La cavalcade du taureau Marthin...

Courrier des lecteurs

Source : Courrier des lecteur
Le Progrès / Courrier
Jeudi 15 mars 2007
Auteur : Pierre Gigandet
Il y a quelques mois, dans une étable du petit village de Saules, naquit un veau mâle (un mèssia en patois). Couché dans la paille fraîche et sèche renouvelée souvent, nourri d'un lait généreux additionné d'oligo-éléments, il grandissait à vue d'oeil et faisait la fierté du paysan.
Il avait assez mauvaise tête, chahutant, beuglant pour un oui, pour un non, et jamais content. Au printemps on le mit au pâturage du côté de Chaindon, là où l'herbe est tendre et touffue. Il fallut aussi le baptiser. Le petit-fils de l'éleveur opta pour Martin, mais sa sueur voulu à tout prix y ajouter la lettre H. Ne voulant pas de quiproquo, le paysan mit le H entre le T et le I, de sorte cela donna Marthin. Le taurillon vindicatif, parfois agressif avec ses proches se distingua bientôt par une tête de cochon, ne voulant pas obéir, se révoltant sans cesse et donnant des coups bas à droite et à gauche. Au pâturage il voyait quotidiennement les bâtiments de la Fonderie et quand il ruminait c'est d'un œil noir qu'il regardait la Boillat!

Promis comme tous ses congénères à l'abattoir et devenu bien gras et bien musclé avec cependant pour ceux de sa race une grosse tête, il dû prendre bientôt le chemin de la boucherie du Moulin de Loveresse. Chargé de force dans le van il frappa de toutes ses forces contre les parois, mais arriva de gré ou de force devant l'abattoir. Semblant calmé il fut sorti de la benne sans trop de précaution, sautant alors d'un formidable bond, il renversa tout sur son passage et partit à toute pompe du côté de Reconvilier. Fit un tour autour de Boillat 2, enfila une rue du côté du Home du Petit Marais, pensant apercevoir peut-être un ou deux retraités de Swissmetal, semant la panique dans le village, poursuivi par les agriculteurs, la police locale, mettant en émoi, une fois de plus, les licenciés, les cadres au chômage et même le maire Torti, qui n'est surtout pas un tordu et n'esquive pas ses responsabilités. Il faut, dit celui-ci, téléphoner à Sarko, il peut nous aider. On appelle Neuilly et Monsieur-Je-sais-tout répond: «Je vais vous aider, je sais comment faire, j'ai mobilisé un escadron de gendarmerie pour retrouver le scooter de mon fils, je vais vous envoyer le GIGN (groupe spécial français d'intervention dans les prises d'orages et détournement d'avions)». Ce qui fais sauter en l'air le Daniel, ancien maire et nouveau conseiller, qui prend son mégaphone et se met à hurler: «Arrêtes-toi espèce de taureau d'mes deux, je vais t'attraper tôt ou tard!».

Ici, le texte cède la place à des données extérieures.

(* There is no $8$-divisible set of points of cardinality $52$ in $\mathrm{PG}(v-1,2)$, for any $v\ge1$.
   Context: $\mathrm{PG}(v-1,2)$ is the set of $1$-dimensional subspaces (points) of $\mathbb{F}_2^v$; hyperplanes are the $(v-1)$-dimensional subspaces. A set $\mathcal{C}$ of points is $\Delta$-divisible if there is an integer $u$ with $|\mathcal{C}\cap H|\equiv u\pmod{\Delta}$ for every hyperplane $H$, where $\mathcal{C}\cap H$ is the set of points of $\mathcal{C}$ contained in $H$. *)

From HB Require Import structures.
From mathcomp Require Import all_boot all_order all_algebra.
Set Implicit Arguments. Unset Strict Implicit. Unset Printing Implicit Defensive.
Import GRing.Theory.

(* Ambient space F_2^v = row vectors 'rV['F_2]_v.
   A point of PG(v-1,2) (a 1-dimensional subspace of F_2^v) is identified
   with its unique nonzero vector. *)
Definition is_point (v : nat) (x : 'rV['F_2]_v) : bool := x != 0%R.

Definition point_set (v : nat) (C : {set 'rV['F_2]_v}) : Prop :=
  forall x, x \in C -> is_point x.

(* A hyperplane is a (v-1)-dimensional subspace of F_2^v, represented by a
   square matrix whose row space is that subspace. *)
Definition is_hyperplane (v : nat) (H : 'M['F_2]_v) : Prop := \rank H = v.-1.

Definition meet_hyp (v : nat) (C : {set 'rV['F_2]_v}) (H : 'M['F_2]_v)
  : {set 'rV['F_2]_v} := [set x in C | (x <= H)%MS].

Definition divisible (v : nat) (Delta : nat) (C : {set 'rV['F_2]_v}) : Prop :=
  exists u : nat, forall H : 'M['F_2]_v, is_hyperplane H ->
    #|meet_hyp C H| = u %[mod Delta].

Set Warnings "-notation-overridden,-ambiguous-paths".
From mathcomp Require Import all_boot all_order all_algebra.
From mathcomp Require Import zify ring.
Set Implicit Arguments. Unset Strict Implicit. Unset Printing Implicit Defensive.
Import Order.TTheory GRing.Theory Num.Theory.
Local Open Scope ring_scope.

(* For a in F_2^v put s(a) = \sum_(x in C) (-1)^(x a) = 2 |C /\ ker a| - |C|.
   The k-th moment \sum_a s(a)^k is 2^v times the number of k-tuples of points of
   C summing to 0, so \sum_a s(a) = 0, \sum_a s(a)^2 = 2^v |C| and
   \sum_a s(a)^3 >= 0.  As 2^v >= |C| = 52, 8 divides 2^(v-1), and then
   8-divisibility forces |C /\ ker a| = |C| = 4 (mod 8) for every a, so s(a) lies in
   {-44, -28, ..., 36, 52}, where (s + 12) (s - 4) (s - 52) <= 0.  But by the three
   moments this cubic sums to at least 208 * 2^v > 0 over all a. *)

Lemma F2_case (e : 'F_2) : e = 0 \/ e = 1.
Proof. by case: e => -[|[|//]] lt; [left | right]; apply/val_inj. Qed.

Lemma oppr_F2mx m n (A : 'M['F_2]_(m, n)) : - A = A.
Proof. by rewrite -scaleN1r oppr_pchar2 ?pchar_Fp // scale1r. Qed.

Lemma meet_hyp_sub v (C : {set 'rV['F_2]_v}) H : meet_hyp C H \subset C.
Proof. by apply/subsetP => x; rewrite inE => /andP[]. Qed.

Section Characters.
Variable v : nat.
Implicit Types (x y : 'rV['F_2]_v) (a b : 'cV['F_2]_v).

Definition dot x a : 'F_2 := (x *m a) 0 0.

Definition chi x a : int := (-1) ^+ dot x a.

Lemma signF2D (e f : 'F_2) : (-1) ^+ (e + f)%R = (-1) ^+ e * (-1) ^+ f :> int.
Proof. by case: (F2_case e) => ->; case: (F2_case f) => ->. Qed.

Lemma chiDl x y a : chi (x + y) a = chi x a * chi y a.
Proof. by rewrite /chi /dot mulmxDl mxE signF2D. Qed.

Lemma chiDr x a b : chi x (a + b) = chi x a * chi x b.
Proof. by rewrite /chi /dot mulmxDr mxE signF2D. Qed.

Lemma chi0l a : chi 0 a = 1.
Proof. by rewrite /chi /dot mul0mx mxE. Qed.

Lemma chiE x a : chi x a = if (x <= kermx a)%MS then 1 else -1.
Proof.
rewrite sub_kermx /chi /dot.
have -> : (x *m a == 0) = ((x *m a) 0 0 == 0).
  by apply/eqP/eqP => [->|xa0]; [rewrite mxE | apply/matrixP => i j; rewrite !ord1 xa0 mxE].
by case: (F2_case ((x *m a) 0 0)) => ->.
Qed.

Lemma chi_sum (I : finType) (f : I -> 'rV['F_2]_v) a :
  chi (\sum_i f i) a = \prod_i chi (f i) a.
Proof. exact: (big_morph (chi^~ a) (fun x y => chiDl x y a) (chi0l a)). Qed.

Lemma card_cV : #|{: 'cV['F_2]_v}| = (2 ^ v)%N.
Proof. by rewrite card_mx card_Fp // muln1. Qed.

Lemma sum_chi x : \sum_a chi x a = if x == 0 then (2 ^ v)%:Z else 0.
Proof.
have [->|x_neq0] := eqVneq x 0.
  rewrite (eq_bigr (fun=> 1)) => [|a _]; last exact: chi0l.
  by rewrite sumr_const card_cV natz.
have [i xi_neq0] : exists i, x 0 i != 0.
  apply/existsP; apply: contraR x_neq0 => /existsPn x0.
  by apply/eqP/matrixP => r j; rewrite ord1 mxE; apply/eqP/negPn.
have chi_delta : chi x (delta_mx i 0) = -1.
  rewrite /chi /dot -colE mxE.
  by case: (F2_case (x 0 i)) xi_neq0 => ->.
have shift : \sum_a chi x a = \sum_a chi x (a + delta_mx i 0).
  exact: (reindex_inj (addIr _)).
have : \sum_a chi x a = - \sum_a chi x a.
  rewrite {1}shift -sumrN.
  by apply: eq_bigr => a _; rewrite chiDr chi_delta mulrN1.
by move/eqP; rewrite -addr_eq0 -mulr2n mulrn_eq0 => /eqP.
Qed.

End Characters.

Section Moments.
Variables (v : nat) (C : {set 'rV['F_2]_v}).
Implicit Types (a : 'cV['F_2]_v) (k : nat).

Definition charsum a : int := \sum_(x in C) chi x a.

Definition zero_sums k : {set {ffun 'I_k -> 'rV['F_2]_v}} :=
  [set f in ffun_on C | \sum_i f i == 0].

Lemma charsum_exp a k :
  charsum a ^+ k =
  \sum_(f : {ffun 'I_k -> 'rV['F_2]_v} | f \in ffun_on C) chi (\sum_i f i) a.
Proof.
have -> : charsum a ^+ k = \prod_(i < k) charsum a by rewrite prodr_const card_ord.
by rewrite bigA_distr_big; apply: eq_bigr => f _; rewrite chi_sum.
Qed.

Lemma charsum_moment k : \sum_a charsum a ^+ k = (2 ^ v * #|zero_sums k|)%N%:Z.
Proof.
under eq_bigr do rewrite charsum_exp.
rewrite exchange_big /=.
under eq_bigr do rewrite sum_chi.
rewrite -big_mkcondr sumr_const -mulr_natr natz -PoszM.
by congr (Posz (_ * _)); apply: eq_card => f; rewrite inE.
Qed.

Lemma zero_sums1 : point_set C -> zero_sums 1 = set0.
Proof.
move=> Cpts; apply/setP => f; rewrite !inE big_ord1.
apply/negP => /andP[/ffun_onP/(_ ord0) f0C /eqP f0].
by move: (Cpts _ f0C); rewrite f0 /is_point eqxx.
Qed.

Lemma card_zero_sums2 : #|zero_sums 2| = #|C|.
Proof.
have const_inj : injective (fun x : 'rV['F_2]_v => [ffun=> x] : {ffun 'I_2 -> _}).
  by move=> x y /ffunP/(_ ord0); rewrite !ffunE.
rewrite -(card_imset _ const_inj); apply: eq_card => f.
rewrite inE big_ord_recl big_ord1 addr_eq0 oppr_F2mx.
apply/andP/imsetP => [[/ffun_onP fC /eqP f01] | [x xC ->]].
  exists (f ord0); first exact: fC.
  apply/ffunP => i; rewrite ffunE.
  by case: (unliftP ord0 i) => [j ->|-> //]; rewrite ord1 f01.
by split; [apply/ffun_onP => i | ]; rewrite !ffunE.
Qed.

Lemma charsum_meet a :
  charsum a = 2 * #|meet_hyp C (kermx a)|%:Z - #|C|%:Z.
Proof.
set M := meet_hyp C (kermx a).
have MC : M \subset C := meet_hyp_sub C _.
rewrite /charsum (big_setID M) /= (setIidPr MC).
rewrite (eq_bigr (fun=> 1)) => [|x]; last by rewrite inE chiE => /andP[_ ->].
rewrite [X in _ + X](eq_bigr (fun=> -1)) => [|x]; last first.
  by rewrite !inE chiE => /andP[/nandP[/negP//|/negbTE ->]].
rewrite !sumr_const -(cardsID M C) (setIidPr MC) -[in X in _ + X]mulr_natr !natz PoszD; ring.
Qed.

Lemma sum_charsum : point_set C -> \sum_a charsum a = 0.
Proof.
move=> Cpts; have := charsum_moment 1; rewrite zero_sums1 // cards0 muln0.
by under eq_bigr do rewrite expr1.
Qed.

Lemma sum_charsum_sqr : \sum_a charsum a ^+ 2 = (2 ^ v * #|C|)%N%:Z.
Proof. by rewrite charsum_moment card_zero_sums2. Qed.

Lemma sum_meet_kermx : point_set C ->
  (2 * \sum_(a : 'cV_v) #|meet_hyp C (kermx a)| = #|C| * 2 ^ v)%N.
Proof.
move/sum_charsum; under eq_bigr do rewrite charsum_meet.
rewrite sumrB -mulr_sumr sumr_const card_cV -(big_morph Posz PoszD (erefl (Posz 0))).
rewrite -PoszM => /eqP; rewrite subr_eq0 => /eqP.
by rewrite -mulr_natr natz -PoszM => -[].
Qed.

Lemma sum_charsum_cubic_ge (p q r : int) : point_set C ->
  (2 ^ v)%:Z * (- (p + q + r) * #|C|%:Z - p * q * r) <=
  \sum_a (charsum a - p) * (charsum a - q) * (charsum a - r).
Proof.
move=> Cpts.
have expand s : (s - p) * (s - q) * (s - r) =
    s ^+ 3 - (p + q + r) * s ^+ 2 + (p * q + q * r + r * p) * s - p * q * r.
  by ring.
under eq_bigr do rewrite expand.
rewrite !big_split /= sumrN -!mulr_sumr sum_charsum // sum_charsum_sqr sumr_const card_cV.
rewrite charsum_moment mulr0 addr0 -mulr_natr !PoszM natz.
rewrite -subr_ge0 (_ : _ - _ = (2 ^ v)%N%:Z * #|zero_sums 3|%:Z) //; ring.
Qed.

End Moments.

Local Close Scope ring_scope.

Lemma kermx_hyperplane v (a : 'cV['F_2]_v) : a != 0%R -> is_hyperplane (kermx a).
Proof.
move=> a_neq0; rewrite /is_hyperplane mxrank_ker.
suff -> : \rank a = 1%N by rewrite subn1.
by apply/eqP; rewrite eqn_leq rank_leq_col lt0n mxrank_eq0.
Qed.

Lemma meet_kermx0 v (C : {set 'rV['F_2]_v}) : meet_hyp C (kermx (0 : 'cV_v)%R) = C.
Proof. by apply/setP => x; rewrite inE sub_kermx mulmx0 eqxx andbT. Qed.

Lemma divisible_meet_card v (Delta : nat) (C : {set 'rV['F_2]_v}) :
  0 < v -> Delta %| 2 ^ v.-1 -> point_set C -> divisible Delta C ->
  forall a : 'cV_v, #|meet_hyp C (kermx a)| = #|C| %[mod Delta].
Proof.
(* The counts over all a add up to |C| 2^(v-1) = 0, while the terms a != 0
   contribute (2^v - 1) u = -u (mod Delta). *)
move=> v_gt0 dvd_half Cpts [u Cu].
have meet_u (a : 'cV_v) : a != 0%R -> #|meet_hyp C (kermx a)| = u %[mod Delta].
  by move=> a_neq0; apply/Cu/kermx_hyperplane.
suff u_C : u = #|C| %[mod Delta].
  by move=> a; have [->|/meet_u ->] := eqVneq a 0%R; rewrite ?meet_kermx0.
have pow_half : 2 ^ v = 2 * 2 ^ v.-1 by rewrite -expnS prednK.
have dvd_full : Delta %| 2 ^ v by rewrite pow_half dvdn_mull.
have sum_eq0 : \sum_(a : 'cV_v) #|meet_hyp C (kermx a)| = 0 %[mod Delta].
  have := sum_meet_kermx Cpts; rewrite pow_half mulnCA => /eqP.
  rewrite eqn_mul2l /= => /eqP ->.
  by apply/eqP; rewrite eqn_mod_dvd // subn0 dvdn_mull.
have sum_split :
    \sum_(a : 'cV_v) #|meet_hyp C (kermx a)| = #|C| + (2 ^ v).-1 * u %[mod Delta].
  rewrite (bigD1 0%R) //= meet_kermx0 -modnDmr -modn_summ.
  rewrite (eq_bigr (fun=> u %% Delta)) => [|a /meet_u ->//].
  by rewrite sum_nat_const cardC1 card_cV modnMmr modnDmr.
have [k pow_k] := dvdnP dvd_full.
have u_sum : u = \sum_(a : 'cV_v) #|meet_hyp C (kermx a)| + u %[mod Delta].
  by rewrite -modnDml sum_eq0 mod0n.
rewrite u_sum -modnDml sum_split modnDml -addnA -mulSnr prednK ?expn_gt0 //.
by rewrite pow_k addnC mulnAC modnMDl.
Qed.

Lemma cubic_weight_le0 (m : nat) : m = 4 %[mod 8] -> m <= 52 ->
  ((2 * m%:Z - 52 - 4) * (2 * m%:Z - 52 - 52) * (2 * m%:Z - 52 + 12) <= 0)%R.
Proof.
move=> m_mod m_le; rewrite (divn_eq m 8) m_mod.
have : m %/ 8 <= 6 by lia.
by case: (m %/ 8) => [|[|[|[|[|[|[|//]]]]]]].
Qed.

Theorem lemma5p10 (v : nat) : 1 <= v ->
  forall C : {set 'rV['F_2]_v},
    point_set C -> divisible 8 C -> #|C| <> 52.
Proof.
move=> v_gt0 C Cpts Cdiv C52.
have C_le : 52 <= 2 ^ v.
  by rewrite -C52; apply: leq_trans (max_card C) _; rewrite card_mx card_Fp // mul1n.
have dvd8 : 8 %| 2 ^ v.-1.
  rewrite (_ : 8 = 2 ^ 3) // dvdn_exp2l // -ltnS prednK //.
  by rewrite -(ltn_exp2l _ _ (_ : 1 < 2)) // (leq_trans _ C_le).
have meet_mod (a : 'cV_v) : #|meet_hyp C (kermx a)| = 4 %[mod 8].
  by rewrite (divisible_meet_card v_gt0 dvd8 Cpts Cdiv) C52.
have meet_le (a : 'cV_v) : #|meet_hyp C (kermx a)| <= 52.
  by rewrite -C52 subset_leq_card // meet_hyp_sub.
have lb := sum_charsum_cubic_ge 4 52 (-12) Cpts.
have ub : (\sum_a (charsum C a - 4) * (charsum C a - 52) * (charsum C a - -12) <= 0)%R.
  apply: sumr_le0 => a _; rewrite charsum_meet C52 opprK.
  exact: cubic_weight_le0.
by have := le_trans lb ub; rewrite C52; lia.
Qed.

Mais Marthin court de plus belle, sautant la Birse sans se mouiller, remontant le pâturage du Droit, allant même, oh! Sacrilège, pisser contre le mur de l'église vénérée de Chaindon! Puis redescendant sur Saules, allant jeter l'effroi aux ouvriers du Béat qui reconstruisent la scierie incendiée l'an passé. Mais alors que Marthin se croyait hors d'atteinte, il croise les cadres supérieurs licenciés de la Boillat, qui se sont reconvertis en cow-boys, ont appris à manier le lasso et qui sur leurs destroyers de race «Franches-Montagnes» lui barrent le passage. Ils forment le carré comme sous Napoléon, et lancent un premier lasso qui ralentit Marthin, un deuxième l'arrête ferme et un troisième le couche au sol. On le ligote et court chercher Nicolas qui, muni d'un grand couteau, attendant cet instant depuis longtemps, le saigne sans pitié ni état d'âme. Marthin est descendu à la boucherie où Paul, l'ancien et bon directeur de la Boillat, refuse tout éloge funèbre. Un sang noir, épais et visqueux s'écoule de la blessure et sent très mauvais.

Lorsque le boucher ouvre la bête pour l'éviscérer, il trouve le foie tout vert, inconsommable et cherche le cœur longtemps. Il trouve enfin un petit muscle de la grandeur du poing, anémié, racorni et semble avoir souffert de la cavalcade. Aux dernières nouvelles, les bons morceaux iraient aux barons de la finance à Zurich. Les os, avec un peu de viande seraient cuits dans la marmite de la «Lingotière» remise en service pour l'occasion. Une soupe serait cuisinée et distribuée gracieusement à tous les laissés pour compte de Swissmetal et une louche de ce potage envoyée à Dornach. R.I.P taureau Marthin.

Toute ressemblance avec un bovin existant ou ayant existé serait fortuite.